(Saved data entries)
--------------------------------

Lemma L0_dissipation k (B M dM : 'M[R]_k) (tau : R) : posdef M -> B^T = B ->
    tau *: dM = invmx M *m B *m invmx M - M ->
  tau * (- 2 * \tr ((B - M *m M *m M) *m
                    (dM *m M *m M + M *m dM *m M + M *m M *m dM)^T)) =
  - 4 * frob2 (sqrtm M *m (B - M *m M *m M) *m invmx (sqrtm M))
  - 2 * frob2 (B - M *m M *m M).
Proof.
move=> pM sB ODE; have uM := posdef_unit pM; have [pS SS] := posdef_sqrtm pM.
have sM : M^T = M by case: pM.
set E := B - M *m M *m M.
have sE : E^T = E by rewrite /E linearB /= sB !trmx_mul sM mulmxA.
have tau_dM : tau *: dM = invmx M *m E *m invmx M.
  rewrite ODE /E mulmxBr mulmxBl; congr (_ - _).
  by rewrite !mulmxA mulVmx // mul1mx -!mulmxA mulmxV // mulmx1.
set X := dM *m M *m M + M *m dM *m M + M *m M *m dM.
have -> : tau * (- 2 * \tr (E *m X^T)) = - 2 * \tr (E *m (tau *: X)^T).
  by rewrite linearZ /= -scalemxAr mxtraceZ mulrCA.
rewrite /X (scale_cube_derivative uM tau_dM).
rewrite (trace_cube_derivative uM sM sE) frob2_conjmx_sym ?SS -?frob2_tr //.
- by rewrite mulrDr mulr2n; lra.
- exact: posdef_unit pS.
- by case: pS.
Qed.

Lemma L0_rate k n (A : 'M[R]_n) (W : 'M[R]_(k, n)) (M : R -> 'M[R]_k)
    (tau t : R) :
    A^T = A -> posdef (M t) -> derivable M t 1 ->
    tau *: derive1 M t = invmx (M t) *m (W *m A *m W^T) *m invmx (M t) - M t ->
  derivable (fun s => L0 A W (M s)) t 1 /\
  tau * derive1 (fun s => L0 A W (M s)) t =
    - 4 * frob2 (sqrtm (M t) *m (W *m A *m W^T - M t *m M t *m M t)
                   *m invmx (sqrtm (M t)))
    - 2 * L0 A W (M t).
Proof.
move=> sA pMt /derivableP M_der ODE; have [L0_der L0'] := is_derive_L0 A W M_der.
split=> //; rewrite derive1E L0' L0_dissipation // -?derive1E //.
by rewrite !trmx_mul trmxK sA mulmxA.
Qed.

End Dissipation.

Section Decay.
Variable R : realType.

Lemma is_derive_expRMl (a t : R) :
  is_derive t 1 (fun s => expR (a * s)) (expR (a * t) * a).
Proof.
have lin : is_derive t 1 (a \*: id) a.
  exact: is_derive_eq (is_deriveZ a (is_derive_id t (1 : R))) (mulr1 a).
exact: is_derive1_comp (is_derive_expR _) lin.
Qed.

Lemma le_expR_decay (f : R -> R) (a : R) :
    {within `[0, +oo[, continuous f} -> (forall t, 0 < t -> derivable f t 1) ->
    (forall t, 0 < t -> f^`() t <= - a * f t) ->
  forall t, 0 <= t -> f t <= f 0 * expR (- a * t).
Proof.
move=> f_cont f_der f'_le t t_ge0.
pose h s := f s * expR (a * s).
have h_der (s : R) : 0 < s ->
    is_derive s 1 h (derive1 f s * expR (a * s) + f s * (expR (a * s) * a)).
  move=> s_gt0; rewrite derive1E.
  have := is_deriveM (derivableP (f_der s s_gt0)) (is_derive_expRMl a s).
  by rewrite addrC [_ *: _]mulrC.
have h'_le0 s : s \in `]0, +oo[%R -> h^`() s <= 0.
  rewrite in_itv /= andbT => s_gt0; rewrite derive1E; have [_ ->] := h_der s s_gt0.
  have := f'_le s s_gt0; have := expR_gt0 (a * s); nra.
have h_cont : {within `[0, +oo[, continuous h}.
  move=> s; apply: cvgM; first exact: f_cont.
  apply: continuous_subspaceT => {}s; apply: differentiable_continuous.
  by apply/derivable1_diffP; have [] := is_derive_expRMl a s.
have h_derivable (s : R) : s \in `]0, +oo[%R -> derivable h s 1.
  by rewrite in_itv /= andbT => /h_der [].
have := ler0_derive1_nincry h_derivable h'_le0 h_cont (lexx 0) t_ge0.
rewrite /h mulr0 expR0 mulr1 mulNr expRN => h_le.
by rewrite ler_pdivlMr ?expR_gt0.
Qed.

End Decay.

Theorem mainTheorem10 (R : realType) (n k : nat) (hk : (1 <= k)%N) (hkn : (k < n)%N)
  (A : 'M[R]_n) (hA : posdef A) (tau : R) (htau : 0 < tau) (W : 'M[R]_(k, n))
  (M : R -> 'M[R]_k)
  (hMpd : forall t, 0 <= t -> posdef (M t))
  (hMcont : {within `[0, +oo[, continuous M})
  (hMder : forall t, 0 < t -> derivable M t 1)
  (hMC1 : {in `]0, +oo[, continuous (derive1 M)})
  (hODE : forall t, 0 < t ->
     tau *: (derive1 M t) = invmx (M t) *m (W *m A *m W^T) *m invmx (M t) - M t) :
  (forall t, 0 < t ->
     derivable (fun s => L0 A W (M s)) t 1 /\
     tau * derive1 (fun s => L0 A W (M s)) t =
       - 4 * frob2 (sqrtm (M t) *m (W *m A *m W^T - M t *m M t *m M t)
                      *m invmx (sqrtm (M t)))
       - 2 * L0 A W (M t)) /\
  (forall t, 0 < t -> tau * derive1 (fun s => L0 A W (M s)) t <= - 2 * L0 A W (M t)) /\
  (forall t, 0 <= t -> L0 A W (M t) <= L0 A W (M 0) * expR (- (2 * t) / tau)).
Proof.
have rate (t : R) (t_gt0 : 0 < t) :=
  L0_rate (proj1 hA) (hMpd t (ltW t_gt0)) (hMder t t_gt0) (hODE t t_gt0).
have rate_le (t : R) : 0 < t ->
    tau * derive1 (fun s => L0 A W (M s)) t <= - 2 * L0 A W (M t).
  move=> /rate[_ ->].
  have := frob2_ge0 (sqrtm (M t) *m (W *m A *m W^T - M t *m M t *m M t)
                       *m invmx (sqrtm (M t))); lra.
split; first exact: rate.
split=> // t t_ge0.
have -> : - (2 * t) / tau = - (2 / tau) * t by rewrite !mulNr mulrAC.
apply: (le_expR_decay (f := fun s => L0 A W (M s))) => //.
- by move=> s; exact: continuous_comp (hMcont s) (@continuous_L0 _ _ _ A W (M s)).
- by move=> s /rate[].
- move=> s s_gt0; rewrite -(ler_pM2l htau) mulrA mulrN mulrCA mulfV ?gt_eqF //.
  by rewrite mulr1; exact: rate_le.
Qed.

--------------------------------

§ **WHAT TO PRODUCE**: Return all of the data above exactly, leaving out no line.

§ **WRITTEN RESPONSE**:
Lemma L0_dissipation k (B M dM : 'M[R]_k) (tau : R) : posdef M -> B^T = B ->
    tau *: dM = invmx M *m B *m invmx M - M ->
  tau * (- 2 * \tr ((B - M *m M *m M) *m
                    (dM *m M *m M + M *m dM *m M + M *m M *m dM)^T)) =
  - 4 * frob2 (sqrtm M *m (B - M *m M *m M) *m invmx (sqrtm M))
  - 2 * frob2 (B - M *m M *m M).
Proof.
move=> pM sB ODE; have uM := posdef_unit pM; have [pS SS] := posdef_sqrtm pM.
have sM : M^T = M by case: pM.
set E := B - M *m M *m M.
have sE : E^T = E by rewrite /E linearB /= sB !trmx_mul sM mulmxA.
have tau_dM : tau *: dM = invmx M *m E *m invmx M.
  rewrite ODE /E mulmxBr mulmxBl; congr (_ - _).
  by rewrite !mulmxA mulVmx // mul1mx -!mulmxA mulmxV // mulmx1.
set X := dM *m M *m M + M *m dM *m M + M *m M *m dM.
have -> : tau * (- 2 * \tr (E *m X^T)) = - 2 * \tr (E *m (tau *: X)^T).
  by rewrite linearZ /= -scalemxAr mxtraceZ mulrCA.
rewrite /X (scale_cube_derivative uM tau_dM).
rewrite (trace_cube_derivative uM sM sE) frob2_conjmx_sym ?SS -?frob2_tr //.
- by rewrite mulrDr mulr2n; lra.
- exact: posdef_unit pS.
- by case: pS.
Qed.

Lemma L0_rate k n (A : 'M[R]_n) (W : 'M[R]_(k, n)) (M : R -> 'M[R]_k)
    (tau t : R) :
    A^T = A -> posdef (M t) -> derivable M t 1 ->
    tau *: derive1 M t = invmx (M t) *m (W *m A *m W^T) *m invmx (M t) - M t ->
  derivable (fun s => L0 A W (M s)) t 1 /\
  tau * derive1 (fun s => L0 A W (M s)) t =
    - 4 * frob2 (sqrtm (M t) *m (W *m A *m W^T - M t *m M t *m M t)
                   *m invmx (sqrtm (M t)))
    - 2 * L0 A W (M t).
Proof.
move=> sA pMt /derivableP M_der ODE; have [L0_der L0'] := is_derive_L0 A W M_der.
split=> //; rewrite derive1E L0' L0_dissipation // -?derive1E //.
by rewrite !trmx_mul trmxK sA mulmxA.
Qed.

End Dissipation.

Section Decay.
Variable R : realType.

Lemma is_derive_expRMl (a t : R) :
  is_derive t 1 (fun s => expR (a * s)) (expR (a * t) * a).
Proof.
have lin : is_derive t 1 (a \*: id) a.
  exact: is_derive_eq (is_deriveZ a (is_derive_id t (1 : R))) (mulr1 a).
exact: is_derive1_comp (is_derive_expR _) lin.
Qed.

Lemma le_expR_decay (f : R -> R) (a : R) :
    {within `[0, +oo[, continuous f} -> (forall t, 0 < t -> derivable f t 1) ->
    (forall t, 0 < t -> f^`() t <= - a * f t) ->
  forall t, 0 <= t -> f t <= f 0 * expR (- a * t).
Proof.
move=> f_cont f_der f'_le t t_ge0.
pose h s := f s * expR (a * s).
have h_der (s : R) : 0 < s ->
    is_derive s 1 h (derive1 f s * expR (a * s) + f s * (expR (a * s) * a)).
  move=> s_gt0; rewrite derive1E.
  have := is_deriveM (derivableP (f_der s s_gt0)) (is_derive_expRMl a s).
  by rewrite addrC [_ *: _]mulrC.
have h'_le0 s : s \in `]0, +oo[%R -> h^`() s <= 0.
  rewrite in_itv /= andbT => s_gt0; rewrite derive1E; have [_ ->] := h_der s s_gt0.
  have := f'_le s s_gt0; have := expR_gt0 (a * s); nra.
have h_cont : {within `[0, +oo[, continuous h}.
  move=> s; apply: cvgM; first exact: f_cont.
  apply: continuous_subspaceT => {}s; apply: differentiable_continuous.
  by apply/derivable1_diffP; have [] := is_derive_expRMl a s.
have h_derivable (s : R) : s \in `]0, +oo[%R -> derivable h s 1.
  by rewrite in_itv /= andbT => /h_der [].
have := ler0_derive1_nincry h_derivable h'_le0 h_cont (lexx 0) t_ge0.
rewrite /h mulr0 expR0 mulr1 mulNr expRN => h_le.
by rewrite ler_pdivlMr ?expR_gt0.
Qed.

End Decay.

Theorem mainTheorem10 (R : realType) (n k : nat) (hk : (1 <= k)%N) (hkn : (k < n)%N)
  (A : 'M[R]_n) (hA : posdef A) (tau : R) (htau : 0 < tau) (W : 'M[R]_(k, n))
  (M : R -> 'M[R]_k)
  (hMpd : forall t, 0 <= t -> posdef (M t))
  (hMcont : {within `[0, +oo[, continuous M})
  (hMder : forall t, 0 < t -> derivable M t 1)
  (hMC1 : {in `]0, +oo[, continuous (derive1 M)})
  (hODE : forall t, 0 < t ->
     tau *: (derive1 M t) = invmx (M t) *m (W *m A *m W^T) *m invmx (M t) - M t) :
  (forall t, 0 < t ->
     derivable (fun s => L0 A W (M s)) t 1 /\
     tau * derive1 (fun s => L0 A W (M s)) t =
       - 4 * frob2 (sqrtm (M t) *m (W *m A *m W^T - M t *m M t *m M t)
                      *m invmx (sqrtm (M t)))
       - 2 * L0 A W (M t)) /\
  (forall t, 0 < t -> tau * derive1 (fun s => L0 A W (M s)) t <= - 2 * L0 A W (M t)) /\
  (forall t, 0 <= t -> L0 A W (M t) <= L0 A W (M 0) * expR (- (2 * t) / tau)).
Proof.
have rate (t : R) (t_gt0 : 0 < t) :=
  L0_rate (proj1 hA) (hMpd t (ltW t_gt0)) (hMder t t_gt0) (hODE t t_gt0).
have rate_le (t : R) : 0 < t ->
    tau * derive1 (fun s => L0 A W (M s)) t <= - 2 * L0 A W (M t).
  move=> /rate[_ ->].
  have := frob2_ge0 (sqrtm (M t) *m (W *m A *m W^T - M t *m M t *m M t)
                       *m invmx (sqrtm (M t))); lra.
split; first exact: rate.
split=> // t t_ge0.
have -> : - (2 * t) / tau = - (2 / tau) * t by rewrite !mulNr mulrAC.
apply: (le_expR_decay (f := fun s => L0 A W (M s))) => //.
- by move=> s; exact: continuous_comp (hMcont s) (@continuous_L0 _ _ _ A W (M s)).
- by move=> s /rate[].
- move=> s s_gt0; rewrite -(ler_pM2l htau) mulrA mulrN mulrCA mulfV ?gt_eqF //.
  by rewrite mulr1; exact: rate_le.
Qed.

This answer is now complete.